> _TRY IT_
The expected answer holds every line from the first line of the data below through the line containing "destruct (conv_inner hV", exactly as written, and no other line.

> _RECORDS PROVIDED_

Lemma smooth_cocoercive (th : V -> R) (Gr : V -> V) (L : R) :
  smooth_strongly_convex th Gr 0 L -> 0 < L -> forall x y,
  inner (vsub (Gr x) (Gr y)) (vsub (Gr x) (Gr y))
    <= 2 * L * (th x - th y - inner (Gr y) (vsub x y)).
Proof.
  intros hth hL x y. set (d := vsub (Gr x) (Gr y)). set (e := vscal (/ L) d).
  assert (hde : inner (Gr x) e - inner (Gr y) e = / L * inner d d)
    by (unfold e; inner_expand hV; unfold d; inner_expand hV; ring).
  assert (hee : inner e e = / L * / L * inner d d) by (unfold e; inner_expand hV; ring).
  clearbody e d.
  assert (hup := proj2 (hth x (vsub x e))). assert (hlow := proj1 (hth y (vsub x e))).
  inner_expand hV. rewrite (inner_sym hV e x) in hup.
  assert (hgap : / L * inner d d - L / 2 * (/ L * / L * inner d d)
                 <= th x - th y - (inner (Gr y) x - inner (Gr y) y))
    by (rewrite <- hde, <- hee; lra).
  replace (/ L * inner d d - L / 2 * (/ L * / L * inner d d)) with (inner d d / (2 * L))
    in hgap by (field; lra).
  replace (inner d d) with (2 * L * (inner d d / (2 * L))) by (field; lra).
  apply Rmult_le_compat_l; lra.
Qed.

Lemma smooth_lsc (th : V -> R) (Gr : V -> V) (s L : R) :
  smooth_strongly_convex th Gr s L -> 0 <= s -> lsc (fun q => ERfin (th q)).
Proof.
  intros hth hs u x t hconv hbound. exists (th x). split; [reflexivity |].
  apply le_of_le_plus_eps. intros e he.
  destruct (conv_inner hV u x (vopp (Gr x)) e hconv he) as [N hN]. specialize (hN N (le_n N)).
  destruct (hbound N) as [a [ha hat]]. injection ha as hval.
  destruct (hth x (u N)) as [hlow _].
  assert (0 <= s / 2 * inner (vsub (u N) x) (vsub (u N) x))
    by (apply Rmult_le_pos; [lra | apply (inner_pos hV)]).
  inner_expand hV. lra.
Qed.

Lemma smooth_strongly_convex_interp (th : V -> R) (Gr : V -> V) (s L : R) :
  smooth_strongly_convex th Gr s L -> strongly_convex s (fun q => ERfin (th q)).
Proof.
  intros hth x y l a b hl hx hy. injection hx as <-. injection hy as <-.
  set (z := vadd (vscal l x) (vscal (1 - l) y)).
  exists (th z). split; [reflexivity |].
  destruct (hth z x) as [hzx _]. destruct (hth z y) as [hzy _].
  assert (hlin : l * inner (Gr z) (vsub x z) + (1 - l) * inner (Gr z) (vsub y z) = 0)
    by (unfold z; inner_expand hV; ring).
  assert (hquad : l * inner (vsub x z) (vsub x z) + (1 - l) * inner (vsub y z) (vsub y z)
                  = l * (1 - l) * nrm (vsub x y) ^ 2).
  { rewrite (nrm_sq hV). unfold z. inner_expand hV. rewrite (inner_sym hV y x). ring. }
  assert (l * (th z + inner (Gr z) (vsub x z) + s / 2 * inner (vsub x z) (vsub x z)) <= l * th x)
    by (apply Rmult_le_compat_l; lra).
  assert ((1 - l) * (th z + inner (Gr z) (vsub y z) + s / 2 * inner (vsub y z) (vsub y z))
          <= (1 - l) * th y) by (apply Rmult_le_compat_l; lra).
  assert (hs : s / 2 * l * (1 - l) * nrm (vsub x y) ^ 2
               = s / 2 * (l * inner (vsub x z) (vsub x z) + (1 - l) * inner (vsub y z) (vsub y z)))
    by (rewrite hquad; ring).
  rewrite hs. lra.
Qed.

Lemma smooth_has_minimizer (th : V -> R) (Gr : V -> V) (s L : R) :
  smooth_strongly_convex th Gr s L -> 0 < s -> exists y, forall q, th y <= th q.
Proof.
  intros hth hs.
  assert (hproper : proper (fun q => ERfin (th q))) by (exists vzero, (th vzero); reflexivity).
  destruct (conj_attained hV (fun q => ERfin (th q)) s hproper (smooth_lsc th Gr s L hth ltac:(lra))
              hs (smooth_strongly_convex_interp th Gr s L hth) vzero) as [y [a [hy hmax]]].
  injection hy as <-. exists y. intro q. specialize (hmax q (th q) eq_refl).
  inner_expand hV. lra.
Qed.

> _TASK ANSWER_
Lemma smooth_cocoercive (th : V -> R) (Gr : V -> V) (L : R) :
  smooth_strongly_convex th Gr 0 L -> 0 < L -> forall x y,
  inner (vsub (Gr x) (Gr y)) (vsub (Gr x) (Gr y))
    <= 2 * L * (th x - th y - inner (Gr y) (vsub x y)).
Proof.
  intros hth hL x y. set (d := vsub (Gr x) (Gr y)). set (e := vscal (/ L) d).
  assert (hde : inner (Gr x) e - inner (Gr y) e = / L * inner d d)
    by (unfold e; inner_expand hV; unfold d; inner_expand hV; ring).
  assert (hee : inner e e = / L * / L * inner d d) by (unfold e; inner_expand hV; ring).
  clearbody e d.
  assert (hup := proj2 (hth x (vsub x e))). assert (hlow := proj1 (hth y (vsub x e))).
  inner_expand hV. rewrite (inner_sym hV e x) in hup.
  assert (hgap : / L * inner d d - L / 2 * (/ L * / L * inner d d)
                 <= th x - th y - (inner (Gr y) x - inner (Gr y) y))
    by (rewrite <- hde, <- hee; lra).
  replace (/ L * inner d d - L / 2 * (/ L * / L * inner d d)) with (inner d d / (2 * L))
    in hgap by (field; lra).
  replace (inner d d) with (2 * L * (inner d d / (2 * L))) by (field; lra).
  apply Rmult_le_compat_l; lra.
Qed.

Lemma smooth_lsc (th : V -> R) (Gr : V -> V) (s L : R) :
  smooth_strongly_convex th Gr s L -> 0 <= s -> lsc (fun q => ERfin (th q)).
Proof.
  intros hth hs u x t hconv hbound. exists (th x). split; [reflexivity |].
  apply le_of_le_plus_eps. intros e he.
  destruct (conv_inner hV u x (vopp (Gr x)) e hconv he) as [N hN]. specialize (hN N (le_n N)).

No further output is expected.